OXFORDSHIRE, United Kingdom — One of the trickiest components in fashion marketing is building an authentic community amongst a brand’s consumers.
The death of traditional retail, after all, was in part spurred by the savviness of digitally native upstarts in building fan bases via Instagram or through carefully curated events.
It’s precisely this element of community that the fashion industry should pay attention to when it comes to Burning Man, the annual arts event in the Nevada desert that’s garnered a massive, cult-like following.
Burning Man, according to its CEO Marian Goodell at BoF VOICES, is simply an environment for play.

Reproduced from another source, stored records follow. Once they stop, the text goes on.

(* Let $n,m\ge1$, $c_1,\dots,c_n>0$, $T>0$, $\epsilon>0$, $r_1,\dots,r_m>0$ and $\kappa_{ij}\ge0$. For $\mu\in\mathbb{R}^n$ let $\varphi^i_\epsilon(\mu)=-\epsilon\log\big(\sum_{j=1}^n e^{-(\kappa_{ij}+\mu_j)/\epsilon}\big)$, and define on $[0,T)^n$ $$D(\mu)=\sum_{i=1}^m r_i\varphi^i_\epsilon(\mu)+\sum_{j=1}^n c_j\log\Big(1-\frac{\mu_j}{T}\Big).$$ Then $D$ is strictly concave on $[0,T)^n$ and has a finite maximum $D^*$ over $[0,T)^n$, achieved at a unique $\mu^*\in[0,T)^n$.
   Context: $D$ is the Lagrange dual function of the station-assignment optimization problem (minimizing $\sum\kappa_{ij}x_{ij}+\sum_j\beta_j(q_j)+\epsilon\sum x_{ij}\log(x_{ij}/r_i)$ subject to $x_{ij}\ge0$, $\sum_jx_{ij}=r_i$, $\sum_ix_{ij}=q_j/T$), dualized with respect to the last constraint. *)

From mathcomp Require Import all_boot all_order all_algebra.
From mathcomp Require Import reals.
From mathcomp Require Import sequences exp.
Set Implicit Arguments. Unset Strict Implicit. Unset Printing Implicit Defensive.
Import Order.TTheory GRing.Theory Num.Theory.
Local Open Scope ring_scope.

Definition phi_eps (R : realType) (n m : nat) (eps : R)
  (kappa : 'I_m -> 'I_n -> R) (i : 'I_m) (mu : 'I_n -> R) : R :=
  - eps * ln (\sum_(j < n) expR (- (kappa i j + mu j) / eps)).

Definition Dual (R : realType) (n m : nat) (c : 'I_n -> R) (T eps : R)
  (r : 'I_m -> R) (kappa : 'I_m -> 'I_n -> R) (mu : 'I_n -> R) : R :=
  \sum_(i < m) r i * phi_eps eps kappa i mu
  + \sum_(j < n) c j * ln (1 - mu j / T).

Definition in_box (R : realType) (n : nat) (T : R) (mu : 'I_n -> R) : Prop :=
  forall j, 0 <= mu j /\ mu j < T.

Definition strictly_concave_on (R : realType) (n : nat)
  (S : ('I_n -> R) -> Prop) (f : ('I_n -> R) -> R) : Prop :=
  forall (x y : 'I_n -> R) (t : R), S x -> S y -> x <> y -> 0 < t < 1 ->
    t * f x + (1 - t) * f y < f (fun j => t * x j + (1 - t) * y j).

(* D is concave because each phi^i_eps is -eps times a log-sum-exp of affine
   functions of mu and log-sum-exp is convex; the barrier
   sum_j c_j log (1 - mu_j / T) is strictly concave since log is and the c_j are
   positive, so D is strictly concave and has at most one maximiser on the
   convex box.  For existence, phi^i_eps is monotone and commutes with adding
   constants, so phi^i_eps(mu) <= phi^i_eps(0) + T on the box; hence
   D(mu) < D(0) as soon as one c_j log (1 - mu_j / T) drops below
   -T sum_i r_i, and the maximum of D is that of its restriction to a compact
   sub-box, where D is continuous. *)

From mathcomp Require Import all_boot all_order all_algebra.
From mathcomp Require Import reals.
From mathcomp Require Import sequences exp.
From mathcomp Require Import boolp classical_sets interval_inference.
From mathcomp Require Import topology normedtype derive convex.
From mathcomp Require Import ring lra.
Import Order.TTheory GRing.Theory Num.Theory.
Import numFieldNormedType.Exports.
Local Open Scope ring_scope.

Section real_inequalities.
Context {R : realType}.
Implicit Types (p q t x : R).

Lemma ln_le_subr1 x : 0 < x -> ln x <= x - 1.
Proof. by move=> x0; have := expR_ge1Dx (ln x); rewrite lnK ?posrE //; lra. Qed.

Lemma ln_lt_subr1 x : 0 < x -> x != 1 -> ln x < x - 1.
Proof.
move=> x0 x1; have := expR_gt1Dx (_ : ln x != 0).
by rewrite ln_eq0 // lnK ?posrE // => /(_ x1); lra.
Qed.

Lemma ln_strictly_concave p q t : 0 < p -> 0 < q -> p != q -> 0 < t < 1 ->
  t * ln p + (1 - t) * ln q < ln (t * p + (1 - t) * q).
Proof.
move=> p0 q0 pq /andP[t0 t1]; set w := t * p + (1 - t) * q.
have w0 : 0 < w by rewrite /w; nra.
have ln_ratio z : 0 < z -> ln z = ln w + ln (z / w).
  by move=> z0; rewrite -lnM ?posrE ?divr_gt0 // mulrC divfK ?gt_eqF.
have pw : p / w != 1.
  rewrite -(inj_eq (mulIf (lt0r_neq0 w0))) divfK ?(lt0r_neq0 w0) // mul1r /w.
  by apply: contra pq => /eqP e; apply/eqP; nra.
have weights : t * (p / w - 1) + (1 - t) * (q / w - 1) = 0.
  by rewrite /w; field; rewrite -/w gt_eqF.
have := ln_lt_subr1 (p / w) (divr_gt0 p0 w0) pw; have := ln_le_subr1 (q / w) (divr_gt0 q0 w0).
rewrite (ln_ratio p) // (ln_ratio q) //; nra.
Qed.

Lemma ln_concave p q t : 0 < p -> 0 < q -> 0 < t < 1 ->
  t * ln p + (1 - t) * ln q <= ln (t * p + (1 - t) * q).
Proof.
move=> p0 q0 t01; have [<-|pq] := eqVneq p q; last exact/ltW/ln_strictly_concave.
by rewrite -!mulrDl subrKC !mul1r.
Qed.

End real_inequalities.

Lemma one_sub_div_gt0 {R : realFieldType} (x T : R) : 0 < T -> x < T -> 0 < 1 - x / T.
Proof. by move=> T_gt0 xT; rewrite subr_gt0 ltr_pdivrMr // mul1r. Qed.

Lemma ltr_sum_le_lt {R : numDomainType} {I : finType} (F G : I -> R) (i0 : I) :
  (forall i, F i <= G i) -> F i0 < G i0 -> \sum_i F i < \sum_i G i.
Proof.
by move=> FG lt0; rewrite (bigD1 i0) // [ltRHS](bigD1 i0) //= ltr_leD // ler_sum.
Qed.

Section log_sum_exp.
Context {R : realType} {n : nat}.
Hypothesis n_gt0 : (0 < n)%N.
Implicit Types (u v : 'I_n -> R).

Lemma sum_expR_gt0 u : 0 < \sum_j expR (u j).
Proof.
by rewrite (bigD1 (Ordinal n_gt0)) //= ltr_wpDr ?expR_gt0 // sumr_ge0.
Qed.

Lemma ln_sum_expR_convex u v t : 0 <= t <= 1 ->
  ln (\sum_j expR (t * u j + (1 - t) * v j))
  <= t * ln (\sum_j expR (u j)) + (1 - t) * ln (\sum_j expR (v j)).
Proof.
move=> /andP[t0 t1]; set A := \sum_j expR (u j); set B := \sum_j expR (v j).
have A0 : 0 < A := sum_expR_gt0 u; have B0 : 0 < B := sum_expR_gt0 v.
set L := t * ln A + (1 - t) * ln B.
rewrite -ler_expR lnK ?posrE ?sum_expR_gt0 //.
have termwise j : expR (t * u j + (1 - t) * v j)
    <= expR L * (t * (expR (u j) / A) + (1 - t) * (expR (v j) / B)).
  have -> : t * u j + (1 - t) * v j
      = L + (t * (u j - ln A) + (1 - t) * (v j - ln B)) by rewrite /L; ring.
  have ratio x X : 0 < X -> expR x / X = expR (x - ln X).
    by move=> X0; rewrite expRD expRN lnK.
  rewrite expRD ler_pM2l ?expR_gt0 // !ratio //.
  exact: (convex_expR (Itv01 t0 t1)).
apply: le_trans (ler_sum _ (fun j _ => termwise j)) _.
rewrite -mulr_sumr big_split /= -!mulr_sumr -!mulr_suml -/A -/B.
by rewrite !divff ?gt_eqF // !mulr1 subrKC mulr1.
Qed.

End log_sum_exp.

Section entropic_potential.
Context {R : realType} {n m : nat} (eps : R) (kappa : 'I_m -> 'I_n -> R) (i : 'I_m).
Hypotheses (n_gt0 : (0 < n)%N) (eps_gt0 : 0 < eps).
Implicit Types (mu nu : 'I_n -> R).

Lemma phi_eps_concave mu nu t : 0 <= t <= 1 ->
  t * phi_eps eps kappa i mu + (1 - t) * phi_eps eps kappa i nu
  <= phi_eps eps kappa i (fun j => t * mu j + (1 - t) * nu j).
Proof.
move=> t01; rewrite /phi_eps.
have := ln_sum_expR_convex n_gt0 (fun j => - (kappa i j + mu j) / eps)
  (fun j => - (kappa i j + nu j) / eps) t t01.
have -> : \sum_j expR (- (kappa i j + (t * mu j + (1 - t) * nu j)) / eps)
    = \sum_j expR (t * (- (kappa i j + mu j) / eps) + (1 - t) * (- (kappa i j + nu j) / eps)).
  by apply: eq_bigr => j _; congr expR; ring.
by rewrite -(ler_pM2l eps_gt0); lra.
Qed.

Lemma phi_eps_le mu nu : (forall j, mu j <= nu j) ->
  phi_eps eps kappa i mu <= phi_eps eps kappa i nu.
Proof.
move=> munu; rewrite /phi_eps !mulNr lerN2 ler_pM2l // ler_ln ?posrE ?sum_expR_gt0 //.
by apply: ler_sum => j _; rewrite ler_expR ler_pM2r ?invr_gt0 // lerN2 lerD2l.
Qed.

Lemma phi_eps_addc mu a :
  phi_eps eps kappa i (fun j => mu j + a) = phi_eps eps kappa i mu + a.
Proof.
rewrite /phi_eps.
have -> : \sum_j expR (- (kappa i j + (mu j + a)) / eps)
    = \sum_j expR (- a / eps) * expR (- (kappa i j + mu j) / eps).
  by apply: eq_bigr => j _; rewrite -expRD; congr expR; ring.
rewrite -mulr_sumr lnM ?posrE ?expR_gt0 ?sum_expR_gt0 // expRK.
by field; rewrite gt_eqF.
Qed.

End entropic_potential.

Section continuity.
Context {R : realType} {X : topologicalType} {n m : nat} (p : 'I_n -> X -> R) (x : X).
Hypotheses (n_gt0 : (0 < n)%N) (p_cont : forall j, {for x, continuous (p j)}).

Lemma phi_eps_continuous_at (eps : R) (kappa : 'I_m -> 'I_n -> R) i :
  {for x, continuous (fun y => phi_eps eps kappa i (p ^~ y))}.
Proof.
apply: cvgMl_tmp; apply: continuous_comp; last exact/continuous_ln/sum_expR_gt0.
apply: cvg_big => // [|j _]; first exact: add_continuous.
apply: continuous_comp; last exact: continuous_expR.
by apply: cvgMr_tmp; apply: cvgN; apply: cvgD; [exact: cvg_cst | exact: p_cont].
Qed.

Lemma Dual_continuous_at (c : 'I_n -> R) (T eps : R) (r : 'I_m -> R)
    (kappa : 'I_m -> 'I_n -> R) :
  0 < T -> (forall j, p j x < T) ->
  {for x, continuous (fun y => Dual c T eps r kappa (p ^~ y))}.
Proof.
move=> T_gt0 pT; apply: cvgD.
  apply: cvg_big => // [|i _]; first exact: add_continuous.
  by apply: cvgMl_tmp; exact: phi_eps_continuous_at.
apply: cvg_big => // [|j _]; first exact: add_continuous.
apply: cvgMl_tmp; apply: continuous_comp.
  by apply: cvgB; [exact: cvg_cst | apply: cvgMr_tmp; exact: p_cont].
by apply/continuous_ln/one_sub_div_gt0.
Qed.

End continuity.

Lemma in_box_convex {R : realType} {n : nat} (T : R) (x y : 'I_n -> R) (t : R) :
  in_box T x -> in_box T y -> 0 < t < 1 -> in_box T (fun j => t * x j + (1 - t) * y j).
Proof.
by move=> xb yb /andP[t0 t1] j; have [x0 xT] := xb j; have [y0 yT] := yb j; split; nra.
Qed.

Lemma strictly_concave_argmax_unique {R : realType} {n : nat}
    {S : ('I_n -> R) -> Prop} {f : ('I_n -> R) -> R} {x y : 'I_n -> R} :
  (forall x y t, S x -> S y -> 0 < t < 1 -> S (fun j => t * x j + (1 - t) * y j)) ->
  strictly_concave_on S f -> S x -> S y ->
  (forall z, S z -> f z <= f x) -> (forall z, S z -> f z <= f y) -> x = y.
Proof.
move=> S_convex f_concave Sx Sy x_max y_max; apply: contrapT => xy.
have half : 0 < (2^-1 : R) < 1 by rewrite invr_gt0 invf_lt1 ?ltr0n ?ltr1n.
have := f_concave x y 2^-1 Sx Sy xy half.
have := x_max _ (S_convex x y _ Sx Sy half); have := y_max x Sx; have := x_max y Sy.
lra.
Qed.

Section dual_function.
Context {R : realType} {n m : nat} (c : 'I_n -> R) (T eps : R) (r : 'I_m -> R)
  (kappa : 'I_m -> 'I_n -> R).
Hypotheses (n_gt0 : (0 < n)%N) (c_gt0 : forall j, 0 < c j) (T_gt0 : 0 < T)
  (eps_gt0 : 0 < eps) (r_gt0 : forall i, 0 < r i).
Local Notation D := (Dual c T eps r kappa).

Lemma sum_barrier_strictly_concave (x y : 'I_n -> R) t :
  (forall j, x j < T) -> (forall j, y j < T) -> x <> y -> 0 < t < 1 ->
  t * \sum_j c j * ln (1 - x j / T) + (1 - t) * \sum_j c j * ln (1 - y j / T)
  < \sum_j c j * ln (1 - (t * x j + (1 - t) * y j) / T).
Proof.
move=> xT yT xy t01.
have /existsP[j0 xy0] : [exists j, x j != y j].
  by apply: contra_notT xy => /existsPn xy_eq; apply/funext => j; apply/eqP/negbNE/xy_eq.
have conv j : 1 - (t * x j + (1 - t) * y j) / T = t * (1 - x j / T) + (1 - t) * (1 - y j / T).
  by ring.
rewrite !mulr_sumr -big_split /=; apply: (ltr_sum_le_lt _ _ j0) => [j|].
  by rewrite mulrCA [X in _ + X]mulrCA -mulrDr ler_pM2l // conv ln_concave
    ?one_sub_div_gt0 ?xT ?yT.
rewrite mulrCA [X in _ + X]mulrCA -mulrDr ltr_pM2l // conv.
rewrite ln_strictly_concave ?one_sub_div_gt0 ?xT ?yT //.
by apply: contra xy0 => /eqP/addrI/oppr_inj/(mulIf (invr_neq0 (lt0r_neq0 T_gt0)))/eqP.
Qed.

Lemma Dual_strictly_concave : strictly_concave_on (in_box T) D.
Proof.
move=> x y t xb yb xy t01; rewrite /Dual.
have t01' : 0 <= t <= 1 by case/andP: t01 => t0 t1; rewrite !ltW.
have phi_part : t * \sum_i r i * phi_eps eps kappa i x
      + (1 - t) * \sum_i r i * phi_eps eps kappa i y
    <= \sum_i r i * phi_eps eps kappa i (fun j => t * x j + (1 - t) * y j).
  rewrite !mulr_sumr -big_split /=; apply: ler_sum => i _.
  by rewrite mulrCA [X in _ + X]mulrCA -mulrDr ler_pM2l // phi_eps_concave.
have := sum_barrier_strictly_concave _ _ _ (fun j => (xb j).2) (fun j => (yb j).2) xy t01.
lra.
Qed.

Lemma Dual_le_barrier (mu : 'I_n -> R) j : in_box T mu ->
  D mu <= D (fun=> 0) + T * \sum_i r i + c j * ln (1 - mu j / T).
Proof.
move=> mub; rewrite /Dual [X in _ <= _ + X + _ + _]big1 => [|k _]; last first.
  by rewrite mul0r subr0 ln1 mulr0.
have phi_le i : phi_eps eps kappa i mu <= phi_eps eps kappa i (fun=> 0) + T.
  rewrite -phi_eps_addc //; apply: phi_eps_le => // k.
  by rewrite add0r; exact/ltW/(mub k).2.
have barrier_le : \sum_k c k * ln (1 - mu k / T) <= c j * ln (1 - mu j / T).
  rewrite (bigD1 j) //= gerDl sumr_le0 // => k _.
  by rewrite pmulr_rle0 // ln_le0 // gerBl divr_ge0 ?(mub k).1 // ltW.
rewrite addr0 mulr_sumr -big_split /=; apply: lerD barrier_le; apply: ler_sum => i _.
by rewrite [T * _]mulrC -mulrDr ler_pM2l.
Qed.

Lemma Dual_lt_Dual0 (mu : 'I_n -> R) j : in_box T mu ->
  T - T * expR (- (T * \sum_i r i) / c j) < mu j -> D mu < D (fun=> 0).
Proof.
move=> mub mu_large; have := Dual_le_barrier mu j mub.
suff : c j * ln (1 - mu j / T) < - (T * \sum_i r i) by lra.
rewrite mulrC -ltr_pdivlMr //.
rewrite -ltr_expR lnK ?posrE ?one_sub_div_gt0 ?(mub j).2 //.
by rewrite -(ltr_pM2l T_gt0) mulrBr mulr1 [T * (_ / T)]mulrC divfK ?gt_eqF //; lra.
Qed.

Lemma Dual_argmax_exists :
  exists2 mu, in_box T mu & forall nu, in_box T nu -> D nu <= D mu.
Proof.
pose b j := T - T * expR (- (T * \sum_i r i) / c j).
have S_ge0 : 0 <= \sum_i r i by apply: sumr_ge0 => i _; exact: ltW.
have b_ge0 j : 0 <= b j.
  by rewrite subr_ge0 ger_pMr // -expR0 ler_expR mulNr oppr_le0 divr_ge0 ?mulr_ge0
    ?(ltW T_gt0) ?(ltW (c_gt0 j)).
have b_ltT j : b j < T by rewrite ltrBlDr ltrDl mulr_gt0 ?expR_gt0.
pose K := [set mu : {ptws 'I_n -> R} | forall j, `[0, b j] (mu j)]%classic.
have K_box mu : K mu -> in_box T mu.
  move=> muK j; have := muK j; rewrite /= in_itv /= => /andP[mu0 mub].
  by split => //; exact: le_lt_trans mub (b_ltT j).
have [mu /set_mem muK mu_max] : exists2 mu, mu \in K & forall nu, nu \in K -> D nu <= D mu.
  apply: compact_EVT_max.
  - by exists (fun=> 0) => j; rewrite /= in_itv /= lexx b_ge0.
  - exact: (@tychonoff _ (fun=> R) (fun j => `[0, b j]%classic)
             (fun j => @segment_compact R 0 (b j))).
  - apply: continuous_in_subspaceT => x /set_mem/K_box xb.
    apply: (Dual_continuous_at (fun j (y : {ptws 'I_n -> R}) => y j)) => // j.
      exact: (@proj_continuous _ (fun=> R) j).
    exact: (xb j).2.
exists mu; first exact: K_box.
move=> nu nub; have [nu_le_b|] := boolP [forall j, nu j <= b j].
  by apply: mu_max; apply/mem_set => j; rewrite /= in_itv /= (forallP nu_le_b) (nub j).1.
rewrite negb_forall => /existsP[j]; rewrite -ltNge => nu_large.
apply/ltW/(lt_le_trans (Dual_lt_Dual0 nu j nub nu_large))/mu_max/mem_set => j'.
by rewrite /= in_itv /= lexx b_ge0.
Qed.

End dual_function.

Theorem proposition2 (R : realType) (n m : nat) (hn : (1 <= n)%N) (hm : (1 <= m)%N)
  (c : 'I_n -> R) (T eps : R) (r : 'I_m -> R) (kappa : 'I_m -> 'I_n -> R)
  (hc : forall j, 0 < c j) (hT : 0 < T) (heps : 0 < eps)
  (hr : forall i, 0 < r i) (hkappa : forall i j, 0 <= kappa i j) :
  strictly_concave_on (in_box T) (Dual c T eps r kappa) /\
  exists mustar : 'I_n -> R,
    [/\ in_box T mustar,
        (forall mu, in_box T mu -> Dual c T eps r kappa mu <= Dual c T eps r kappa mustar)
      & (forall mu, in_box T mu ->
           (forall nu, in_box T nu -> Dual c T eps r kappa nu <= Dual c T eps r kappa mu) ->
           mu = mustar)].
Proof.
have D_concave := Dual_strictly_concave c T eps r kappa hn hc hT heps hr.
have [mustar mustar_box mustar_max] := Dual_argmax_exists c T eps r kappa hn hc hT heps hr.
split=> //; exists mustar; split=> // mu mu_box mu_max.
exact: (strictly_concave_argmax_unique (in_box_convex T) D_concave
          mu_box mustar_box mu_max mustar_max).
Qed.
Lemma subset_cl X : X \subset E -> X \subset cl E r X.
Proof.
move=> XE; apply/subsetP => x xX; rewrite inE (subsetP XE) //=.
by rewrite (setUidPr _) // sub1set.
Qed.

Lemma cl_del e X : cl (E :\ e) r X = cl E r X :\ e.
Proof. by apply/setP => x; rewrite !inE; case: (x == e). Qed.

Lemma flat_delP e X :
  reflect (X \subset E :\ e /\ cl E r X :\ e = X) (is_flat (E :\ e) r X).
Proof. by rewrite /is_flat cl_del; apply: (iffP andP) => -[XE /eqP]. Qed.

Lemma flat_del_subset e X : is_flat (E :\ e) r X -> X \subset E.
Proof. by case/flat_delP => XE _; apply: subset_trans XE (subsetDl _ _). Qed.

Hypothesis rM : is_matroid E r.

Lemma rank_set0 : r set0 = 0.
Proof. by case: rM => rle _ _; apply/eqP; rewrite -leqn0 -(cards0 T) rle ?sub0set. Qed.

Lemma cl_mono A B : B \subset E -> A \subset B -> cl E r A \subset cl E r B.
Proof.
case: rM => _ mono submod BE AB; apply/subsetP => x; rewrite !inE => /andP[xE /eqP rxA].
rewrite xE /=.
have xAE : x |: A \subset E by rewrite subUset sub1set xE (subset_trans AB).
have := submod _ _ xAE BE.
rewrite -setUA (setUidPr AB).
have rA : r A <= r ((x |: A) :&: B).
  by apply: mono; rewrite ?subsetI ?subsetUr ?(subset_trans (subsetIr _ _)).
have rB : r B <= r (x |: B) by apply: mono; rewrite ?subsetUr // subUset sub1set xE.
by move=> rxB; apply/eqP; lia.
Qed.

Per strict rules of the festival, the only things sold on the premises are coffee and ice, making it virtually impossible for companies to sponsor tents or activations.
The idea is that without transactions at Burning Man, its nearly 80,000 participants can be more engaged in interactions with one another.
“When you’re set outside your comfort zone to play, to talk to other people, to build with other people, it actually brings you a little bit closer to yourself and how you want to engage with others,” said Goodell.
While fashion brands may never get the chance to promote themselves at Burning Man, they can take a cue from this ethos: consumers don’t want to be pushed products, they want genuine human engagement, whether that’s through training retail associates to be friendly and honest or building store experiences that prioritise fun over sales potential.
“At Burning Man, it’s not that we don’t believe in money but what we don’t believe in is the idea that transactions create relationships,” Goodell said. “It’s the immediate experience that creates relationships.”